INPUT DATA
>>>

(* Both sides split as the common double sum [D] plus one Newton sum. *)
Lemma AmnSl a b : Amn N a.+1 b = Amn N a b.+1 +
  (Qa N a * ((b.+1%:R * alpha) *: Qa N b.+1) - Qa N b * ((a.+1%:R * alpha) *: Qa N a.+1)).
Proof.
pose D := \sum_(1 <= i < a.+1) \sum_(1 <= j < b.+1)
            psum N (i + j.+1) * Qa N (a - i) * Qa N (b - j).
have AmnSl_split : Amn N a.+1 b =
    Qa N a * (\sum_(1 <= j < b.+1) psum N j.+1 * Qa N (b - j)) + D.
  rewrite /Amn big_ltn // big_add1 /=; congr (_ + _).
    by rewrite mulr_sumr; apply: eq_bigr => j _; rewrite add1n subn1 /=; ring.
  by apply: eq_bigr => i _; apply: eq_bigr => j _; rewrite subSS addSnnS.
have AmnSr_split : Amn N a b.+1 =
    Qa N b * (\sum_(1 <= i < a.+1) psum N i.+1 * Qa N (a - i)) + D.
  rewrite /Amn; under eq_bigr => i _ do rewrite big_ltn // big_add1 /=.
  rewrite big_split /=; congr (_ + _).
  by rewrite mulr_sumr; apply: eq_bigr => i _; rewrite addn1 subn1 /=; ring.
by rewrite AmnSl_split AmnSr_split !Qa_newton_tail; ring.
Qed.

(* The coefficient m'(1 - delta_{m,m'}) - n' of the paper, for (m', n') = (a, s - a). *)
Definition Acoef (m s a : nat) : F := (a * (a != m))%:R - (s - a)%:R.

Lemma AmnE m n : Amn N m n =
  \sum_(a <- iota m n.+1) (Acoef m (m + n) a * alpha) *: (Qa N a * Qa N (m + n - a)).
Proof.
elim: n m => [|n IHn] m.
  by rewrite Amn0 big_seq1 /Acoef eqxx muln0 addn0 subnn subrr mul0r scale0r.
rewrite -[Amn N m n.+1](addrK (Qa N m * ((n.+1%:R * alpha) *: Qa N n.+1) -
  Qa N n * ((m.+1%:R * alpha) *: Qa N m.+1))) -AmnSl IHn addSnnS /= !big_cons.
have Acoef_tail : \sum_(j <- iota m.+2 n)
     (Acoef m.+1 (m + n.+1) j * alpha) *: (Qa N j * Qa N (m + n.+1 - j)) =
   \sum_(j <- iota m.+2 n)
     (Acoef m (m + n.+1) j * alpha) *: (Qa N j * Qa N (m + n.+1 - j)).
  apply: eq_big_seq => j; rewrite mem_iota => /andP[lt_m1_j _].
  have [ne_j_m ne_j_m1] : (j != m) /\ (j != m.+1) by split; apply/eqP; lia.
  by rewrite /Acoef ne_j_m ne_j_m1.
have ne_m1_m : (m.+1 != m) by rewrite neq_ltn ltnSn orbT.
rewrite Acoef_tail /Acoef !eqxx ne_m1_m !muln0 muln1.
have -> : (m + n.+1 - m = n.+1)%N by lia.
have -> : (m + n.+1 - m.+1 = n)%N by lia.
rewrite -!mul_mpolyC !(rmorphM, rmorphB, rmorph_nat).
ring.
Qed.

<<<
>>>

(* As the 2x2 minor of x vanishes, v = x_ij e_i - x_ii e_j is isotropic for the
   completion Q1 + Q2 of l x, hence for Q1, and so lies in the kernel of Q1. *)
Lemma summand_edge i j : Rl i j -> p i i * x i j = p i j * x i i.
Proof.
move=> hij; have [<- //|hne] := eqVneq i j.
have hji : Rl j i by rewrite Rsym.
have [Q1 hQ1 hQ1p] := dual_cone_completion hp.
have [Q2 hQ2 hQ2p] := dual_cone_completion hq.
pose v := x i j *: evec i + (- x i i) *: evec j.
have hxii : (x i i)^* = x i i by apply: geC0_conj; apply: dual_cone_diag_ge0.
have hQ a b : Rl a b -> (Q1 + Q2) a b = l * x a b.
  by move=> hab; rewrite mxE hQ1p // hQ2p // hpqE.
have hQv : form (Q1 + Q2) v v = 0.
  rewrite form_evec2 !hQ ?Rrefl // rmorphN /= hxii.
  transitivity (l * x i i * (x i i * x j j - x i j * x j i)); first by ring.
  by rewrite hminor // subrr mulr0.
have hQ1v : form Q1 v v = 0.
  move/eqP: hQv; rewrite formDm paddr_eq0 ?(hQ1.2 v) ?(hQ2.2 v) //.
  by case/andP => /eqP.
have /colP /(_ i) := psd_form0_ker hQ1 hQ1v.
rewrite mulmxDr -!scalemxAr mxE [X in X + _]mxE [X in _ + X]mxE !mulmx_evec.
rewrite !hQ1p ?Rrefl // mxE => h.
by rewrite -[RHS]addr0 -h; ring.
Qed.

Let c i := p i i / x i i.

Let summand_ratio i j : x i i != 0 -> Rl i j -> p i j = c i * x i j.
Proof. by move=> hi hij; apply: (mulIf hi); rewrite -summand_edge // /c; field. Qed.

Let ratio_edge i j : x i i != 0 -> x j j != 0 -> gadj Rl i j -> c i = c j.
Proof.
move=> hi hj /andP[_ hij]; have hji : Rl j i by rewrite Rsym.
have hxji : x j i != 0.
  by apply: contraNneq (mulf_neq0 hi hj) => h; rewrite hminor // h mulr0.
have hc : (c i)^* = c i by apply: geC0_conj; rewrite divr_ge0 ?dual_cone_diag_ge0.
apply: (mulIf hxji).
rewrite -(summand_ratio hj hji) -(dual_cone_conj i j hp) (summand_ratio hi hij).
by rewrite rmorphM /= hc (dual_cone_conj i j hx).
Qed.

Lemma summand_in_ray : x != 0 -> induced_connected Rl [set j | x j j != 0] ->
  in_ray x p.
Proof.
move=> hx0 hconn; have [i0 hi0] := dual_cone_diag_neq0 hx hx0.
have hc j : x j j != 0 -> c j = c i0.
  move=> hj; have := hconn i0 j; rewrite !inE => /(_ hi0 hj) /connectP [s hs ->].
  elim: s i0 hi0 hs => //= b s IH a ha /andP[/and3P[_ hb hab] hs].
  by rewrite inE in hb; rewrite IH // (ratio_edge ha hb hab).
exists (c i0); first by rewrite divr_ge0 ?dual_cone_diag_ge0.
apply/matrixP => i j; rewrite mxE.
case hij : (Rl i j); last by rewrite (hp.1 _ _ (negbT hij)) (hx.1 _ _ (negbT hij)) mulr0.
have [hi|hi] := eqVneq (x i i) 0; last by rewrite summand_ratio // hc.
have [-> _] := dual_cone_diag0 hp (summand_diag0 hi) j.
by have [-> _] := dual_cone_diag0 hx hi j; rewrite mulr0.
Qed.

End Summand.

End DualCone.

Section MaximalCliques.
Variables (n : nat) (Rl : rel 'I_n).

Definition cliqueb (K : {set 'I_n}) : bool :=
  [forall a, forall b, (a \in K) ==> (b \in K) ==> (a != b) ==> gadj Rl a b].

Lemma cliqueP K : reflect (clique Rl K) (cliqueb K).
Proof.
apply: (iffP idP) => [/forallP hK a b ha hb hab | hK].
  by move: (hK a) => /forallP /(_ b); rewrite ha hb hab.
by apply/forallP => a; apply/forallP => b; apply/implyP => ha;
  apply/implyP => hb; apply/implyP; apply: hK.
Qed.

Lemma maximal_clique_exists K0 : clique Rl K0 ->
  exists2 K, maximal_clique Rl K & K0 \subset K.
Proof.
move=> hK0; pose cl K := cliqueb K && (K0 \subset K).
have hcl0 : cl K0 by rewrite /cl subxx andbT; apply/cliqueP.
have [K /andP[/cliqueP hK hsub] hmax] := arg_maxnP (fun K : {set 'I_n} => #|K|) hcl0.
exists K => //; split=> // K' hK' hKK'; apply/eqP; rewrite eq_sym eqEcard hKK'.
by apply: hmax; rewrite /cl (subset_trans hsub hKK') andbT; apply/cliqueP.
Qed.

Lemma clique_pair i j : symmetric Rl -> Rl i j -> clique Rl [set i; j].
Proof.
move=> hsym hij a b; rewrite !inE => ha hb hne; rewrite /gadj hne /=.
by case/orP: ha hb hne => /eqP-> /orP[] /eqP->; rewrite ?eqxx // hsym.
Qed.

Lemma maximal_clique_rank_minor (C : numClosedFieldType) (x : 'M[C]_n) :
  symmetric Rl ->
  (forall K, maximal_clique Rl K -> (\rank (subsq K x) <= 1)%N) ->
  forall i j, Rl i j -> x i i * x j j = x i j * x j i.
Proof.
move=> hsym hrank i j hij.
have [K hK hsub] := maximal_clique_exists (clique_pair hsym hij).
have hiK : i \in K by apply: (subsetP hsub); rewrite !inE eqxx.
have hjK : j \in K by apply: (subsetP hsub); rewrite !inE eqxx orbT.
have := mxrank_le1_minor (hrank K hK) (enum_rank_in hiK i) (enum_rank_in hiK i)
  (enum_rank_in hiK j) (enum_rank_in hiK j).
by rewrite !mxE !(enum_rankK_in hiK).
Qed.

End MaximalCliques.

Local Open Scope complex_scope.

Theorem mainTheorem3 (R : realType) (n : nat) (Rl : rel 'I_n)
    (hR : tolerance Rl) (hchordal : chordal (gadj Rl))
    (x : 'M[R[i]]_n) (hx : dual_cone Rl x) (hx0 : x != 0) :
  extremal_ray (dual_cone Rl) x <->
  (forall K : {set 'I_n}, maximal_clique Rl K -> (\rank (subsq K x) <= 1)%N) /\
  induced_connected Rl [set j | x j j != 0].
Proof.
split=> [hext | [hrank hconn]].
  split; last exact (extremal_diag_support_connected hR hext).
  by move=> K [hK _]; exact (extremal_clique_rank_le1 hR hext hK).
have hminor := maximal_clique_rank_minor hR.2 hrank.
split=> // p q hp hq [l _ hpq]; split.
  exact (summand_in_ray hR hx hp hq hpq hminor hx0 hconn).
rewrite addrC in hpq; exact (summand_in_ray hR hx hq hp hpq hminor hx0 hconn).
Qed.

<<<

WORK REQUEST
Give back exactly the lines above, from the line containing "have hxii : (x" through the line containing "rewrite form_evec2 !hQ", with both end lines and nothing more.

EXPECTED ANSWER
have hxii : (x i i)^* = x i i by apply: geC0_conj; apply: dual_cone_diag_ge0.
have hQ a b : Rl a b -> (Q1 + Q2) a b = l * x a b.
  by move=> hab; rewrite mxE hQ1p // hQ2p // hpqE.
have hQv : form (Q1 + Q2) v v = 0.
  rewrite form_evec2 !hQ ?Rrefl // rmorphN /= hxii.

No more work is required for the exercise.